[EXERCISE AIM]
For the data below, give again exactly the lines from the one containing "Definition bw_norm (N" through the one containing "- rewrite Nat.eqb_refl.", both ends included, and no others.

[INFORMATION PROVIDED]
-=-=-
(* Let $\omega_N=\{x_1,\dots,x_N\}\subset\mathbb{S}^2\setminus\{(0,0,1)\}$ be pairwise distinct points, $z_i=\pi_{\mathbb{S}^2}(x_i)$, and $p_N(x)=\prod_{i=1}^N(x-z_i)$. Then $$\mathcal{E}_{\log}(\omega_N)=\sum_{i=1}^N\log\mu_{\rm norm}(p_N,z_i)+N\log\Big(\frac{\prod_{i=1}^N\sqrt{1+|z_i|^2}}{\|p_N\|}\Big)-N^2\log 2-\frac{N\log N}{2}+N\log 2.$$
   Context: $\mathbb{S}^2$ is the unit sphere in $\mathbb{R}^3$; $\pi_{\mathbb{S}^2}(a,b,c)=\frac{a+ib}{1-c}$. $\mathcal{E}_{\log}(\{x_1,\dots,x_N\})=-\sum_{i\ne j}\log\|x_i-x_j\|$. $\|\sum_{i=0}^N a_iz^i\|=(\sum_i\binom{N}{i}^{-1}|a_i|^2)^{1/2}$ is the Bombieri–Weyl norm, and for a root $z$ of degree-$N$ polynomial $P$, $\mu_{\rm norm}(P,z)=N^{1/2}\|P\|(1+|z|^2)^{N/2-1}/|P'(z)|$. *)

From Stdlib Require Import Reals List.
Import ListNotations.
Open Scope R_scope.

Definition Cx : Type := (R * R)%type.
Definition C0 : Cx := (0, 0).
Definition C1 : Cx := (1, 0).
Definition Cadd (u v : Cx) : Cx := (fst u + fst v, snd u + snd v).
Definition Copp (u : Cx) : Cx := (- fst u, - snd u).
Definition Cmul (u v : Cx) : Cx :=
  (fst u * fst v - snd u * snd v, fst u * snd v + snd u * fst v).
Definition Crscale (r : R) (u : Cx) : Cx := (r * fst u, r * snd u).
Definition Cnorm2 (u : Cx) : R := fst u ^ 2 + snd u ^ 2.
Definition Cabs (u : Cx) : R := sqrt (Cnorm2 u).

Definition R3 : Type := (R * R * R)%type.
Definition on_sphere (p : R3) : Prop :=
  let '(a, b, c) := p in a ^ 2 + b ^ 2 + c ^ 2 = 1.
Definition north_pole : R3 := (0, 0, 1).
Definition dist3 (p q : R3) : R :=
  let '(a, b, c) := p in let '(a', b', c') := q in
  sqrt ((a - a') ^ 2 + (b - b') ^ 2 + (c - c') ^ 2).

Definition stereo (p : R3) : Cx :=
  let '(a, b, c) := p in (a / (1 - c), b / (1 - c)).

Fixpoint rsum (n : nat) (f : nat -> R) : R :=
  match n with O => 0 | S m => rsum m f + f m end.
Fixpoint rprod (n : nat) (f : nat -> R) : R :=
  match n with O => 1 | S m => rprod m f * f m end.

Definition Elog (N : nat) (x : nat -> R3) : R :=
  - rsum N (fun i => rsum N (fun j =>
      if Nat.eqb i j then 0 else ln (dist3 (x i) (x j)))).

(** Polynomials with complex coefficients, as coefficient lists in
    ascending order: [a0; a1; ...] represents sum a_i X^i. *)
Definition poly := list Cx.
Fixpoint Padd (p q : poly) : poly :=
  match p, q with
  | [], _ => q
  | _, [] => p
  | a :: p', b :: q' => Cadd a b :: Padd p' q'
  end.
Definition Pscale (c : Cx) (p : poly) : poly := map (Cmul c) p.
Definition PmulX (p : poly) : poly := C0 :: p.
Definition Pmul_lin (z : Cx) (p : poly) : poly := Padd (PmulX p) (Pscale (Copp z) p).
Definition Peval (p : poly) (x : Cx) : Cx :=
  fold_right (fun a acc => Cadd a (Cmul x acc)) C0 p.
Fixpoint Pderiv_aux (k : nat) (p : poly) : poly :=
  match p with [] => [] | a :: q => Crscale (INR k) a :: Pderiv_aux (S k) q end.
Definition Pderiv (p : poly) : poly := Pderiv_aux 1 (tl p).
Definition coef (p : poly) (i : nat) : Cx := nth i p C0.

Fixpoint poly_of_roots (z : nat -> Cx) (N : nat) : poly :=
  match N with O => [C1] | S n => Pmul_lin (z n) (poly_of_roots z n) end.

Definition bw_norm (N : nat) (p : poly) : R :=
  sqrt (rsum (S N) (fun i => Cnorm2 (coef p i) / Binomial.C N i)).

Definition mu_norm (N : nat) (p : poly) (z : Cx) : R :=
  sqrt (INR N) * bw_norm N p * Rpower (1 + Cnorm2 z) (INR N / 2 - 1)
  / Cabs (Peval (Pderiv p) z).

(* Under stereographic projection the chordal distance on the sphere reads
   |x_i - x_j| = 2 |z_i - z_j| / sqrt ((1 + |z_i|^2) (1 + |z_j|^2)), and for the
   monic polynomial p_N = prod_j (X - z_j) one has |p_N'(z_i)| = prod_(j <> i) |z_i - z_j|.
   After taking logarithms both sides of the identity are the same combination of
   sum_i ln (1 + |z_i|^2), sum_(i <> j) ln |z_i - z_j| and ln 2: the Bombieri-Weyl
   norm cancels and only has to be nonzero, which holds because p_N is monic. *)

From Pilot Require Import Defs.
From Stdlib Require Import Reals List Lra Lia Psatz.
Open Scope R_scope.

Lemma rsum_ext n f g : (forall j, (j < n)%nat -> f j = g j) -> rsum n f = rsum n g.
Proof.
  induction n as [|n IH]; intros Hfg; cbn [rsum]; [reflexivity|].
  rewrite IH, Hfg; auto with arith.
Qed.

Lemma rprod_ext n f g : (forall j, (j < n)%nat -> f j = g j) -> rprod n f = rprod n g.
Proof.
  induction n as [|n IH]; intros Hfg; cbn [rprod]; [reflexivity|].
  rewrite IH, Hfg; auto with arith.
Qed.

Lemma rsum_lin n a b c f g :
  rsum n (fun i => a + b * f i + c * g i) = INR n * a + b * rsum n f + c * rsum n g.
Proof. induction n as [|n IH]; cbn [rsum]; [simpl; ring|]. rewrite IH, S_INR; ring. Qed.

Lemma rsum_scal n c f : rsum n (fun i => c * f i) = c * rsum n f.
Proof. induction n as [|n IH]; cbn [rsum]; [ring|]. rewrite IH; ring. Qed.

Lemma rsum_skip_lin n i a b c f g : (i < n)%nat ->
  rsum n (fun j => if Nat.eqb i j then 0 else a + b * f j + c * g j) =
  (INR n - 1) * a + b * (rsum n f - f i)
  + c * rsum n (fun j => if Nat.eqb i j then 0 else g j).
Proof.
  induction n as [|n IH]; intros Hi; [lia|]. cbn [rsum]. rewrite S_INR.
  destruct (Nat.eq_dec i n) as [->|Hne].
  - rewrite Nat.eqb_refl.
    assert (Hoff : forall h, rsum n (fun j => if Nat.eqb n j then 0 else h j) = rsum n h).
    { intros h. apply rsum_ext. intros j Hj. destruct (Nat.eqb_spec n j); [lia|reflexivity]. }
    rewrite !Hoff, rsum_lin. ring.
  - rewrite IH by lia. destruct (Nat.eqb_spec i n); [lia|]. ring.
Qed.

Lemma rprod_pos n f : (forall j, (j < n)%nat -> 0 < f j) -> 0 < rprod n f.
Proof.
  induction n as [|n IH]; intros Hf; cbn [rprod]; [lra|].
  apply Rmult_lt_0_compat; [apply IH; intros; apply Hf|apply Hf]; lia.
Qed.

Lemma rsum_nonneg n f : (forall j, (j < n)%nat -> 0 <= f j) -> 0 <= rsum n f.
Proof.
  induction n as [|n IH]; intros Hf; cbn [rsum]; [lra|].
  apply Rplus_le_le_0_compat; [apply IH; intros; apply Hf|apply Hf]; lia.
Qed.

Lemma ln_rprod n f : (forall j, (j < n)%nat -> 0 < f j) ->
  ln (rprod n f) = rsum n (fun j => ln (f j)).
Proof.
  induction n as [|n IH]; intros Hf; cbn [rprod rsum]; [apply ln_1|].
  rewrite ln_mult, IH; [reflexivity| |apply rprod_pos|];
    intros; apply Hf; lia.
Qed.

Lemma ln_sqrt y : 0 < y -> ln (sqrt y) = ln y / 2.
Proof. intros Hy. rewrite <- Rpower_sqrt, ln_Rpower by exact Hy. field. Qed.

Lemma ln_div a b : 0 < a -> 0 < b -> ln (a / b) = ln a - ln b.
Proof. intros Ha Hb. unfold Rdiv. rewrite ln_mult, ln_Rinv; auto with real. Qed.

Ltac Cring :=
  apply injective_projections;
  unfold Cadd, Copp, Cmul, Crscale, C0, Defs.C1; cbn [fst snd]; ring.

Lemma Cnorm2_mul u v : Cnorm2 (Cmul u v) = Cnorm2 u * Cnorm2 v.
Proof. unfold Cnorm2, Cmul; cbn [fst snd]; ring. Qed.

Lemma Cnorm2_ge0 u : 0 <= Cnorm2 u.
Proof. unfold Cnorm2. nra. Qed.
-=-=-
[EXERCISE ANSWER]
Definition bw_norm (N : nat) (p : poly) : R :=
  sqrt (rsum (S N) (fun i => Cnorm2 (coef p i) / Binomial.C N i)).

Definition mu_norm (N : nat) (p : poly) (z : Cx) : R :=
  sqrt (INR N) * bw_norm N p * Rpower (1 + Cnorm2 z) (INR N / 2 - 1)
  / Cabs (Peval (Pderiv p) z).

(* Under stereographic projection the chordal distance on the sphere reads
   |x_i - x_j| = 2 |z_i - z_j| / sqrt ((1 + |z_i|^2) (1 + |z_j|^2)), and for the
   monic polynomial p_N = prod_j (X - z_j) one has |p_N'(z_i)| = prod_(j <> i) |z_i - z_j|.
   After taking logarithms both sides of the identity are the same combination of
   sum_i ln (1 + |z_i|^2), sum_(i <> j) ln |z_i - z_j| and ln 2: the Bombieri-Weyl
   norm cancels and only has to be nonzero, which holds because p_N is monic. *)

From Pilot Require Import Defs.
From Stdlib Require Import Reals List Lra Lia Psatz.
Open Scope R_scope.

Lemma rsum_ext n f g : (forall j, (j < n)%nat -> f j = g j) -> rsum n f = rsum n g.
Proof.
  induction n as [|n IH]; intros Hfg; cbn [rsum]; [reflexivity|].
  rewrite IH, Hfg; auto with arith.
Qed.

Lemma rprod_ext n f g : (forall j, (j < n)%nat -> f j = g j) -> rprod n f = rprod n g.
Proof.
  induction n as [|n IH]; intros Hfg; cbn [rprod]; [reflexivity|].
  rewrite IH, Hfg; auto with arith.
Qed.

Lemma rsum_lin n a b c f g :
  rsum n (fun i => a + b * f i + c * g i) = INR n * a + b * rsum n f + c * rsum n g.
Proof. induction n as [|n IH]; cbn [rsum]; [simpl; ring|]. rewrite IH, S_INR; ring. Qed.

Lemma rsum_scal n c f : rsum n (fun i => c * f i) = c * rsum n f.
Proof. induction n as [|n IH]; cbn [rsum]; [ring|]. rewrite IH; ring. Qed.

Lemma rsum_skip_lin n i a b c f g : (i < n)%nat ->
  rsum n (fun j => if Nat.eqb i j then 0 else a + b * f j + c * g j) =
  (INR n - 1) * a + b * (rsum n f - f i)
  + c * rsum n (fun j => if Nat.eqb i j then 0 else g j).
Proof.
  induction n as [|n IH]; intros Hi; [lia|]. cbn [rsum]. rewrite S_INR.
  destruct (Nat.eq_dec i n) as [->|Hne].
  - rewrite Nat.eqb_refl.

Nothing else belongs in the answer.